• PROBLEM DETAILS: Scan the records for the word "homomorphism". Report each line where it occurs.

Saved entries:
(* Let $\mathbb D$ be an arbitrary commutative ring with identity, and write $\mathbb D$ also for its additive group. (1) For each integer $n\ge1$, $$TS\mathcal R_n(\mathbb D)^{ab}\cong TS\mathcal A_1(\mathbb D)\times T\mathcal J_n(\mathbb D)^{ab}\cong \mathbb D\times T\mathcal J_n(\mathbb D)^{ab}.$$ (2) Considering $S\mathcal R(\mathbb D)$ and $\mathcal J(\mathbb D)$ as abstract groups, $$S\mathcal R(\mathbb D)^{ab}\cong\mathbb D\times\mathcal J(\mathbb D)^{ab}.$$
   Context: The Riordan group over $\mathbb D$ consists of pairs $(g,f)$ of formal power series $g=\sum_{k\ge0}g_kt^k$, $f=\sum_{k\ge1}f_kt^k$ in $\mathbb D[[t]]$ with $g_0,f_1$ units, identified with the lower triangular matrices $(d_{n,k})_{n,k\ge0}$, $d_{n,k}=[t^n]g f^k$; the product is $(g_1,f_1)(g_2,f_2)=(g_1\cdot(g_2\circ f_1),\,f_2\circ f_1)$, identity $(1,t)$. $S\mathcal R(\mathbb D)$ is the subgroup of pairs with $g_0=1$ and $f_1=1$. $\mathcal J(\mathbb D)$ is the subgroup $\{(1,f): f=t+f_2t^2+\cdots\}$ (the group of formal power series under substitution), and $S\mathcal A(\mathbb D)=\{(g,t):g_0=1\}$. For $n\ge0$, $TS\mathcal R_n(\mathbb D)$, $T\mathcal J_n(\mathbb D)$, $TS\mathcal A_n(\mathbb D)$ denote the groups of $(n+1)\times(n+1)$ upper-left truncations $(d_{i,j})_{0\le i,j\le n}$ of elements of $S\mathcal R(\mathbb D)$, $\mathcal J(\mathbb D)$, $S\mathcal A(\mathbb D)$ respectively; in particular $TS\mathcal A_1(\mathbb D)=\{\begin{pmatrix}1&0\\\alpha&1\end{pmatrix}\}\cong\mathbb D$. $G^{ab}=G/[G,G]$ denotes the abelianization (abstract commutator subgroup). *)

From mathcomp Require Import all_boot all_order all_algebra.
Set Implicit Arguments. Unset Strict Implicit. Unset Printing Implicit Defensive.
Import GRing.Theory.
Local Open Scope ring_scope.

(* Abstract groups, given as a subset [gmem] of an ambient type with an *)
(* (associative) multiplication and unit; inverses are taken inside the *)
(* ambient monoid (two-sided inverses).                                  *)
Record grp := Grp {
  gT : Type;
  gmul : gT -> gT -> gT;
  gone : gT;
  gmem : gT -> Prop }.
Arguments gmem g _ : clear implicits.
Arguments gone g : clear implicits.
Arguments gmul {g} _ _.

Definition is_inv (G : grp) (x y : gT G) : Prop :=
  gmul x y = gone G /\ gmul y x = gone G.

Definition is_commutator (G : grp) (c : gT G) : Prop :=
  exists a b a' b', [/\ gmem G a, gmem G b, is_inv a a', is_inv b b' &
    c = gmul (gmul (gmul a' b') a) b].

Inductive in_derived (G : grp) : gT G -> Prop :=
| derived_one : in_derived (gone G)
| derived_mul c x : is_commutator c -> in_derived x -> in_derived (gmul c x).
Arguments in_derived G _ : clear implicits.

Definition ab_cong (G : grp) (x y : gT G) : Prop :=
  exists y', is_inv y y' /\ in_derived G (gmul y' x).

(* G^ab is isomorphic to H^ab: there is a map phi : G -> H inducing a
   well-defined group isomorphism G/[G,G] -> H/[H,H]. *)
Definition ab_iso (G H : grp) : Prop :=
  exists phi : gT G -> gT H,
  [/\ (forall x, gmem G x -> gmem H (phi x)),
      (forall x y, gmem G x -> gmem G y ->
         ab_cong (phi (gmul x y)) (gmul (phi x) (phi y))),
      (forall x, gmem G x -> (in_derived G x <-> in_derived H (phi x))) &
      (forall h, gmem H h -> exists2 x, gmem G x & ab_cong (phi x) h)].

Definition prod_grp (A B : grp) : grp :=
  @Grp (gT A * gT B)%type
    (fun x y => (gmul x.1 y.1, gmul x.2 y.2))
    (gone A, gone B)
    (fun x => gmem A x.1 /\ gmem B x.2).

Section Riordan.
Variable D : comPzRingType.

Definition add_grp : grp := @Grp D (fun x y => x + y) 0 (fun _ => True).

Definition ps := nat -> D.
Definition ps_one : ps := fun n => (n == 0)%N%:R.
Definition ps_X : ps := fun n => (n == 1)%N%:R.
Definition ps_mul (a b : ps) : ps :=
  fun n => \sum_(i < n.+1) a i * b (n - i)%N.
Definition ps_pow (f : ps) (k : nat) : ps := iter k (ps_mul f) ps_one.
(* composition g o f, for f with f_0 = 0 *)
Definition ps_comp (g f : ps) : ps :=
  fun n => \sum_(k < n.+1) g k * ps_pow f k n.

Definition SR_pair (g f : ps) : Prop := [/\ g 0%N = 1, f 0%N = 0 & f 1%N = 1].
Definition J_pair (g f : ps) : Prop := g = ps_one /\ SR_pair g f.
Definition SA_pair (g f : ps) : Prop := g 0%N = 1 /\ f = ps_X.

Definition riordan_mul (x y : ps * ps) : ps * ps :=
  (ps_mul x.1 (ps_comp y.1 x.2), ps_comp y.2 x.2).

Definition SR_grp : grp :=
  @Grp (ps * ps)%type riordan_mul (ps_one, ps_X) (fun x => SR_pair x.1 x.2).
Definition J_grp : grp :=
  @Grp (ps * ps)%type riordan_mul (ps_one, ps_X) (fun x => J_pair x.1 x.2).

(* (n+1)x(n+1) upper-left truncation of the Riordan matrix of (g,f):
   d_{i,j} = [t^i] g f^j. *)
Definition riordan_trunc (n : nat) (g f : ps) : 'M[D]_n.+1 :=
  \matrix_(i < n.+1, j < n.+1) ps_mul g (ps_pow f j) i.

Definition trunc_grp (n : nat) (P : ps -> ps -> Prop) : grp :=
  @Grp 'M[D]_n.+1 (fun A B => A *m B) 1%:M
    (fun M => exists g f, P g f /\ M = riordan_trunc n g f).

Definition TSR_grp n := trunc_grp n SR_pair.
Definition TJ_grp n := trunc_grp n J_pair.
Definition TSA_grp n := trunc_grp n SA_pair.

End Riordan.

(* A homomorphism x |-> (k(x), j(x)) from a group G onto K x J, with K abelian, induces
   G^ab = K x J^ab as soon as k(x) = 1 and j(x) in [J, J] force x in [G, G].
   For SR(D) take k(g, f) = g_1 and j(g, f) = (1, f): the t-coefficient of g (h o f) is
   g_1 + h_1 because f = t + ... If g_1 = 0 then (g, f) = (g, t) (1, f), where (g, t) is a
   single commutator of SR(D) and (1, f) lies in [J, J], which is inside [SR, SR].
   Truncation is a homomorphism, so the same maps work on TSR_n(D): g_1 is the (1, 0)
   entry, and the truncation of (1, f) is recovered by multiplying with that of (g^-1, t).
   Finally, the (1, 0) entry identifies TSA_1(D) with D. *)

From mathcomp Require Import all_boot all_order all_algebra.
From Stdlib Require Import FunctionalExtensionality.
From mathcomp Require Import zify.
Set Implicit Arguments. Unset Strict Implicit. Unset Printing Implicit Defensive.
Import GRing.Theory.
Local Open Scope ring_scope.

(** * Groups inside an ambient monoid *)

Record is_group (G : grp) : Prop := IsGroup {
  group1 : gmem G (gone G);
  groupM : forall x y, gmem G x -> gmem G y -> gmem G (gmul x y);
  groupV : forall x, gmem G x -> exists x', is_inv x x';
  groupVm : forall x x', gmem G x -> is_inv x x' -> gmem G x';
  mul1g : forall x, gmem G x -> gmul (gone G) x = x }.

Definition grp_morph (G H : grp) (phi : gT G -> gT H) : Prop :=
  [/\ forall x, gmem G x -> gmem H (phi x),
      forall x y, gmem G x -> gmem G y -> phi (gmul x y) = gmul (phi x) (phi y) &
      phi (gone G) = gone H].

Definition trivial_commutators (G : grp) : Prop :=
  forall c, @is_commutator G c -> c = gone G.

Section AbstractGroups.
Variables G H : grp.
Hypothesis groupG : is_group G.

Lemma ab_cong_refl (x : gT G) : gmem G x -> ab_cong x x.
Proof.
move=> Gx; have [x' [xx' x'x]] := groupV groupG Gx.
by exists x'; split => //; rewrite x'x; constructor.
Qed.

Lemma commutator_mem c : @is_commutator G c -> gmem G c.
Proof.
case=> [a [b [a' [b' [Ga Gb aa' bb' ->]]]]].
have Ga' := groupVm groupG Ga aa'; have Gb' := groupVm groupG Gb bb'.
by do 3![apply: groupM => //].
Qed.

Lemma in_derived_mem x : in_derived G x -> gmem G x.
Proof.
elim=> [|c y /commutator_mem Gc _ Gy]; first exact: group1.
exact: groupM.
Qed.

Variable phi : gT G -> gT H.
Hypothesis phi_morph : grp_morph phi.
Lemma abelian_ideal_C_last n (J : set 'rV[int]_n) (k : 'I_n) :
  k = n.-1 :> nat -> abelian_ideal TypeC J ->
  forall beta, J beta -> beta 0 k = theta_of TypeC n 0 k.
Proof.
move=> kn [Jpos Jup Jab] beta Jbeta.
have /posroot_CE[[a [b [ab bn Eb]]]|[a [b [ab bn Eb]]]|[a [an Eb]]] :=
  Jpos _ Jbeta; rewrite Eb in Jbeta *; last 2 first; try by rewrite /= !mxE; ind_lia.
have Jlong : J (rootC_long n a b).
  by apply: (Jup _ _ Jbeta); [apply: rootC_long_pos | apply: rootC_short_le_long].
have := Jab _ _ Jbeta Jlong; rewrite rootC_short_add_long //.
by case; left; apply: rootC_double_pos; lia.
Qed.

Lemma maximal_top_ideal_C m : maximal_abelian_ideal TypeC (top_ideal TypeC (@ord_max m)).
Proof. by apply: maximal_top_ideal => J Jab _; apply: abelian_ideal_C_last. Qed.

Lemma maximal_abelian_ideal_C m (I : set 'rV[int]_m.+1) :
  maximal_abelian_ideal TypeC I -> I = top_ideal TypeC ord_max.
Proof. by move=> Imax; apply: maximal_abelian_idealE (abelian_ideal_C_last _ Imax.1). Qed.

(* For i < n, the roots attaining theta_i are the e_a + e_b and 2 e_a with
   a, b <= i, which agree with theta from coordinate i on. *)
Lemma posroot_C_top_tail n (beta : 'rV[int]_n) (i : 'I_n) : posroot TypeC beta ->
  beta 0 i = theta_of TypeC n 0 i -> (i < n.-1)%N ->
  forall k : 'I_n, (i <= k)%N -> beta 0 k = theta_of TypeC n 0 k.
Proof.
case/posroot_CE=> [[a [b [ab bn ->]]]|[a [b [ab bn ->]]]|[a [an ->]]];
  rewrite /= !mxE => E il k ik; move: E; rewrite !mxE; have := ltn_ord k; ind_lia.
Qed.

Section Facets.
Variable R : realFieldType.

Lemma emb_coord n (beta : 'rV[int]_n) i : emb R beta 0 i = (beta 0 i)%:~R.
Proof. by rewrite mxE. Qed.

• TASK RESPONSE:
(* A homomorphism x |-> (k(x), j(x)) from a group G onto K x J, with K abelian, induces
   Truncation is a homomorphism, so the same maps work on TSR_n(D): g_1 is the (1, 0)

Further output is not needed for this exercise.